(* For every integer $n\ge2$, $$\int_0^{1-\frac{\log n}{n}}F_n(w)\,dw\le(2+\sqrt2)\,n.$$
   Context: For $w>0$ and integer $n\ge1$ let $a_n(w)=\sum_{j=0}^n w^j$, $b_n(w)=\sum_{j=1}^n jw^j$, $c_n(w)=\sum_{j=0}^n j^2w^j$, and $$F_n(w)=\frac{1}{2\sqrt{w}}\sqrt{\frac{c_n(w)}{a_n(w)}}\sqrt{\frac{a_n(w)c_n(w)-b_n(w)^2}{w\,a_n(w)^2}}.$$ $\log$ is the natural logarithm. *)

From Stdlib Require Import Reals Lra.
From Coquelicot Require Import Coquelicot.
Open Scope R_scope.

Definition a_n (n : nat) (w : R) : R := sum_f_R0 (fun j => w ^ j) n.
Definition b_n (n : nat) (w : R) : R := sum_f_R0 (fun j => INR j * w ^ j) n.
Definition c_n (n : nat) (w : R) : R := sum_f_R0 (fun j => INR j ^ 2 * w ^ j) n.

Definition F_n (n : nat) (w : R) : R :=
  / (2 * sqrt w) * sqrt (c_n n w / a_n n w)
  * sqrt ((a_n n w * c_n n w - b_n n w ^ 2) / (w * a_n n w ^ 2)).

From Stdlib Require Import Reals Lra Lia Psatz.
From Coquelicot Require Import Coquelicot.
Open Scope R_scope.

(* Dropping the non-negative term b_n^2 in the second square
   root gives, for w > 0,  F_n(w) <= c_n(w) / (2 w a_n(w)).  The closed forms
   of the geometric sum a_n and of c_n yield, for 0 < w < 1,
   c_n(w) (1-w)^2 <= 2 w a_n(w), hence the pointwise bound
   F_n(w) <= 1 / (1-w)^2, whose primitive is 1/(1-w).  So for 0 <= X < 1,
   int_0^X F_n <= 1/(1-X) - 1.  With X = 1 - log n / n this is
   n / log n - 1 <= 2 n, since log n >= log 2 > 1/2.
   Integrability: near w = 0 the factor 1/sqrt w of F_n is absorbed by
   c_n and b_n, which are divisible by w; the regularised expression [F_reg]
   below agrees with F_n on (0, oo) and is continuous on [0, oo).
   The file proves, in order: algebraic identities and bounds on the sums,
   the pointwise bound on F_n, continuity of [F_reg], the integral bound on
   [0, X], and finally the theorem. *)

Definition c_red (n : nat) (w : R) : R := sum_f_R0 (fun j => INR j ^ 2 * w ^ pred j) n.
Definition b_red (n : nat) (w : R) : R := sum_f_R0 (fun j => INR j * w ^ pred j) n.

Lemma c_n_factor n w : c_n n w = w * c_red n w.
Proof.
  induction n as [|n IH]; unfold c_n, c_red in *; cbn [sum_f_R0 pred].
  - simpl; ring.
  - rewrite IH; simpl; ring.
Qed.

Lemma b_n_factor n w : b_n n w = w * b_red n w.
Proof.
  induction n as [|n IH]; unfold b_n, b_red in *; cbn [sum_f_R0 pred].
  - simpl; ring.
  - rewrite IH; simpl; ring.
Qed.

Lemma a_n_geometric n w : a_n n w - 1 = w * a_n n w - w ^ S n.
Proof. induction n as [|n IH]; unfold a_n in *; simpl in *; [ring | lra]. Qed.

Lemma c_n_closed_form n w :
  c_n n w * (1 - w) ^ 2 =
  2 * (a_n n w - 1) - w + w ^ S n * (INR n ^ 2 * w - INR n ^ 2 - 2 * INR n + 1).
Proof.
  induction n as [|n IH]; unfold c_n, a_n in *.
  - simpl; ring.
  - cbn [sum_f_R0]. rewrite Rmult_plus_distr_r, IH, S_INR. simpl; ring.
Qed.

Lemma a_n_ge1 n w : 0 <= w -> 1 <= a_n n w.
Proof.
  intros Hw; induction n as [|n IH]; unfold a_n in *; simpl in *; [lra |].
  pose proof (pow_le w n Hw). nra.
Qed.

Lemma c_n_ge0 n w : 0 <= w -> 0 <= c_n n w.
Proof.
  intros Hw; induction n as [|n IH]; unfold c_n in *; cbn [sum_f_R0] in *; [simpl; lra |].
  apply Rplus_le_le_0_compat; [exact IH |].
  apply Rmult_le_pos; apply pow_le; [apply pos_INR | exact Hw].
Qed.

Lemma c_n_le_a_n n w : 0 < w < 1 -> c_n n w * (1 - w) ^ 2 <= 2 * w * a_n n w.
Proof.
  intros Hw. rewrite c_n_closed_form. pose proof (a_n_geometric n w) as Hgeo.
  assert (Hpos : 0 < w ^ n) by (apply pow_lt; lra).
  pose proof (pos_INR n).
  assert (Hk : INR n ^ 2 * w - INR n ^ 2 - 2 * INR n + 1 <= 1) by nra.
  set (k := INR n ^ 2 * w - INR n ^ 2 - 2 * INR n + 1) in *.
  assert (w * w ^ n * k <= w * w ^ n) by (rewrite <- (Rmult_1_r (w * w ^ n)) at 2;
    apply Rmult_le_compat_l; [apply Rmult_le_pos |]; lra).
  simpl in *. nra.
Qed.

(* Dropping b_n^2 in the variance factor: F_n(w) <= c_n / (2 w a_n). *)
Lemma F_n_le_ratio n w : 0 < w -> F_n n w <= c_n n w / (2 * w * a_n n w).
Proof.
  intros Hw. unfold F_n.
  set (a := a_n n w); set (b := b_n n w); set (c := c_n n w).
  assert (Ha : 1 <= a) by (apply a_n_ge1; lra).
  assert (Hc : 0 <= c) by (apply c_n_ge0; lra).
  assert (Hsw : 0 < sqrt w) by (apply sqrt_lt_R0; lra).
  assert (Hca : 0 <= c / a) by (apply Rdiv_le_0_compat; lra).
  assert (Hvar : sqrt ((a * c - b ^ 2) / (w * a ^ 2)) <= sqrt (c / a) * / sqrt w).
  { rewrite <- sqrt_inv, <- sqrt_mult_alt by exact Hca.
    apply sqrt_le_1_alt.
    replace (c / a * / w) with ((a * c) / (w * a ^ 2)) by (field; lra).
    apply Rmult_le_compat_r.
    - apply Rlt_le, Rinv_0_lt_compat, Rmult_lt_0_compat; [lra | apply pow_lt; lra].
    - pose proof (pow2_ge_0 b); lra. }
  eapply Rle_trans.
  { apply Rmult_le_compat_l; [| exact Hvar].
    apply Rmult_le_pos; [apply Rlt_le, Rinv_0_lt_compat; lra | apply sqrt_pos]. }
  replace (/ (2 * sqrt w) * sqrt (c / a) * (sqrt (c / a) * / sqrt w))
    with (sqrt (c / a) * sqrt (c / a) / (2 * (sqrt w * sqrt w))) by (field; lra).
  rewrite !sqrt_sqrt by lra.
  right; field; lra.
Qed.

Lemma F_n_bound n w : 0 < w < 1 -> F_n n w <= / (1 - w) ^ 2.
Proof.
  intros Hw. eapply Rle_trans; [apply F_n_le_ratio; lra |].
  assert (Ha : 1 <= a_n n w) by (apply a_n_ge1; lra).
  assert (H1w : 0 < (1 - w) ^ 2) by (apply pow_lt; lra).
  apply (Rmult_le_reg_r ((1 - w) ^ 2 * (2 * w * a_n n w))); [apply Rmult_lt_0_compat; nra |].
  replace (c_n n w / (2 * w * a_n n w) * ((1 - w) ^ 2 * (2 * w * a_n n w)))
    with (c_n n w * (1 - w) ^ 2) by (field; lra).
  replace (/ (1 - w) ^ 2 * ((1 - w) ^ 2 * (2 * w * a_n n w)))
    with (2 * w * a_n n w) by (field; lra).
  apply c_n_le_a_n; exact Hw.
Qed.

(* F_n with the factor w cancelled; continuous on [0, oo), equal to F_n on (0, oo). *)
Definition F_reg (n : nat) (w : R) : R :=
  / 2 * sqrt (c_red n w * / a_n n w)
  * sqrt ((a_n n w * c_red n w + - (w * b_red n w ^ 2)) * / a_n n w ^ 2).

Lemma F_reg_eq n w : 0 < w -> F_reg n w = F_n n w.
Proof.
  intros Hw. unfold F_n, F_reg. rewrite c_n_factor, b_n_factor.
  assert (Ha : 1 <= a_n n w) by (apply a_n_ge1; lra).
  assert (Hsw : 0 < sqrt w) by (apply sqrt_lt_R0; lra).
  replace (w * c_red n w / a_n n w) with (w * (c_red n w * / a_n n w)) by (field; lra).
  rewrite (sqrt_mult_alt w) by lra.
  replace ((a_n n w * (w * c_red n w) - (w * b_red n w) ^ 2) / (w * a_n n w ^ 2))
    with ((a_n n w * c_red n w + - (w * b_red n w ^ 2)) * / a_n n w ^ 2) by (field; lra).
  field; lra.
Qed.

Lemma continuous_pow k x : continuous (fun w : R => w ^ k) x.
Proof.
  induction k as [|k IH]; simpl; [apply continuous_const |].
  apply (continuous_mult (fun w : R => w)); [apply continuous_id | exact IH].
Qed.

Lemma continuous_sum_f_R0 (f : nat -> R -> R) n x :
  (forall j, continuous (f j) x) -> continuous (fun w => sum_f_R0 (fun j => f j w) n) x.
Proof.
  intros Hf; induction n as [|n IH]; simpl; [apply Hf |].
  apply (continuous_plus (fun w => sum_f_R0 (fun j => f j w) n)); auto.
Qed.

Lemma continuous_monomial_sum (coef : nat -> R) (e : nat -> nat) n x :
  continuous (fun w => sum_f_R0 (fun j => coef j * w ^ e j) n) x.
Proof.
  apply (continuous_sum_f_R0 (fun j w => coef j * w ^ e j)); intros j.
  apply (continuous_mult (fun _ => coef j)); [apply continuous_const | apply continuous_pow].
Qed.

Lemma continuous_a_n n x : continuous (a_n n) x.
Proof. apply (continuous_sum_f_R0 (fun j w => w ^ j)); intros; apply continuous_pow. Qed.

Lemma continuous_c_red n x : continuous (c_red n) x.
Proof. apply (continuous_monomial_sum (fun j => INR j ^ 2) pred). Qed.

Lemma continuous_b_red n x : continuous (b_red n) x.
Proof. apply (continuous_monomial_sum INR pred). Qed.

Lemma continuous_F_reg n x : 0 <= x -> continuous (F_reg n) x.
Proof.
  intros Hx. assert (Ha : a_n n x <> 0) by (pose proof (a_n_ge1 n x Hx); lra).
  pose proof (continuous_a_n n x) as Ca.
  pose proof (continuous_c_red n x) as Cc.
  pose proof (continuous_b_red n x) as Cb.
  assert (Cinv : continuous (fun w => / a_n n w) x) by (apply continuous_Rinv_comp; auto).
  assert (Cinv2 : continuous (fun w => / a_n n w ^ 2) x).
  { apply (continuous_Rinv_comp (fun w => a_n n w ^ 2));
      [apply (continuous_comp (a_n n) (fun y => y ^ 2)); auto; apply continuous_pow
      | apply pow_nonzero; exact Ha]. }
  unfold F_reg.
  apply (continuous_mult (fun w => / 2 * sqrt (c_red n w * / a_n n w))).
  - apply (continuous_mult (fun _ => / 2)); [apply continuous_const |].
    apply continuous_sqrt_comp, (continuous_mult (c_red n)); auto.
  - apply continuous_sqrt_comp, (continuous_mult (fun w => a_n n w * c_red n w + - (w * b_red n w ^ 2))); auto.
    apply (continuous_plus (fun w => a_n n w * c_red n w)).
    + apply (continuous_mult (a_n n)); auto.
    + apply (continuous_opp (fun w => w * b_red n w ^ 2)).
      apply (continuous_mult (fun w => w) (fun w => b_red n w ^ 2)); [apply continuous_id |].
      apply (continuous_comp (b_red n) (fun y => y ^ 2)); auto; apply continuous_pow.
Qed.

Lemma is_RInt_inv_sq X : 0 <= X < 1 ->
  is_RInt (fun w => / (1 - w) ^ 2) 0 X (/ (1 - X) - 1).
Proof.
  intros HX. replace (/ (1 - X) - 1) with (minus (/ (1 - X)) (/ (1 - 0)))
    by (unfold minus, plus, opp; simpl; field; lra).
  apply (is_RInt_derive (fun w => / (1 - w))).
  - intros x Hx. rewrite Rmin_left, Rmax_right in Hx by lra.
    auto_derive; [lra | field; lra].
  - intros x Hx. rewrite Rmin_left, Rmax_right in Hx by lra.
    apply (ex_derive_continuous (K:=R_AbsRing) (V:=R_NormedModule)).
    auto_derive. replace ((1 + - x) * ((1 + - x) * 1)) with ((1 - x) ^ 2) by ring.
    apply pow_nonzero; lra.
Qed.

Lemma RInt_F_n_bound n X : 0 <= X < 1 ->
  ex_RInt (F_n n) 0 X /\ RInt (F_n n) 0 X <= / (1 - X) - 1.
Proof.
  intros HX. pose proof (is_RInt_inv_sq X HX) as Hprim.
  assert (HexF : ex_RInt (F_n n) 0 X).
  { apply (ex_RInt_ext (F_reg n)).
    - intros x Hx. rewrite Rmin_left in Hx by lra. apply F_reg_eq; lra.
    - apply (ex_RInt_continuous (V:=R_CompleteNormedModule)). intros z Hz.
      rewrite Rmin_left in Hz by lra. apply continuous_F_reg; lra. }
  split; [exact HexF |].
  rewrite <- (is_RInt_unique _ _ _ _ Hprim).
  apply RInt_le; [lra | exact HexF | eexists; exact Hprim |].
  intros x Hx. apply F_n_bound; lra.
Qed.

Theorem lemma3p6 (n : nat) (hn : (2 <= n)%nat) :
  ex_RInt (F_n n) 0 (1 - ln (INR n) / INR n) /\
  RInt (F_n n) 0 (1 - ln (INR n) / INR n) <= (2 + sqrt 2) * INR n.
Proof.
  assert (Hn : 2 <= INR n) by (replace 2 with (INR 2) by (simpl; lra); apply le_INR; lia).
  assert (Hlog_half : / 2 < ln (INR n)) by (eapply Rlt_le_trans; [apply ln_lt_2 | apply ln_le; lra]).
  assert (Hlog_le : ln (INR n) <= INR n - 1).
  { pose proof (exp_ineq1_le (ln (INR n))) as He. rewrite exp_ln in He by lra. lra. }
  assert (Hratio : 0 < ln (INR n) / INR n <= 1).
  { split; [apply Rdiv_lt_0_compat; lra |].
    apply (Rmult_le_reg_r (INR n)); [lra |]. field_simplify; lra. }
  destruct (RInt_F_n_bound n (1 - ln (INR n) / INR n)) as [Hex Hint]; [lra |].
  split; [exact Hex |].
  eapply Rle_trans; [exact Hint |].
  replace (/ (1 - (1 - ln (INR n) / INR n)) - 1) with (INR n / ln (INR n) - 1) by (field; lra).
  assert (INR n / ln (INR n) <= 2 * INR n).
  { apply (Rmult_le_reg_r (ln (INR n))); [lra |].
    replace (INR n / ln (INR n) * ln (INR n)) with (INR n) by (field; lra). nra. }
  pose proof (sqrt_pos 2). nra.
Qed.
+++
## The problem
After locating the line holding "intros Hf; induction" above, output exactly that line and every line after it through the line holding "assert (Cinv2 : continuous". Include nothing else.

## Exercise result
  intros Hf; induction n as [|n IH]; simpl; [apply Hf |].
  apply (continuous_plus (fun w => sum_f_R0 (fun j => f j w) n)); auto.
Qed.

Lemma continuous_monomial_sum (coef : nat -> R) (e : nat -> nat) n x :
  continuous (fun w => sum_f_R0 (fun j => coef j * w ^ e j) n) x.
Proof.
  apply (continuous_sum_f_R0 (fun j w => coef j * w ^ e j)); intros j.
  apply (continuous_mult (fun _ => coef j)); [apply continuous_const | apply continuous_pow].
Qed.

Lemma continuous_a_n n x : continuous (a_n n) x.
Proof. apply (continuous_sum_f_R0 (fun j w => w ^ j)); intros; apply continuous_pow. Qed.

Lemma continuous_c_red n x : continuous (c_red n) x.
Proof. apply (continuous_monomial_sum (fun j => INR j ^ 2) pred). Qed.

Lemma continuous_b_red n x : continuous (b_red n) x.
Proof. apply (continuous_monomial_sum INR pred). Qed.

Lemma continuous_F_reg n x : 0 <= x -> continuous (F_reg n) x.
Proof.
  intros Hx. assert (Ha : a_n n x <> 0) by (pose proof (a_n_ge1 n x Hx); lra).
  pose proof (continuous_a_n n x) as Ca.
  pose proof (continuous_c_red n x) as Cc.
  pose proof (continuous_b_red n x) as Cb.
  assert (Cinv : continuous (fun w => / a_n n w) x) by (apply continuous_Rinv_comp; auto).
  assert (Cinv2 : continuous (fun w => / a_n n w ^ 2) x).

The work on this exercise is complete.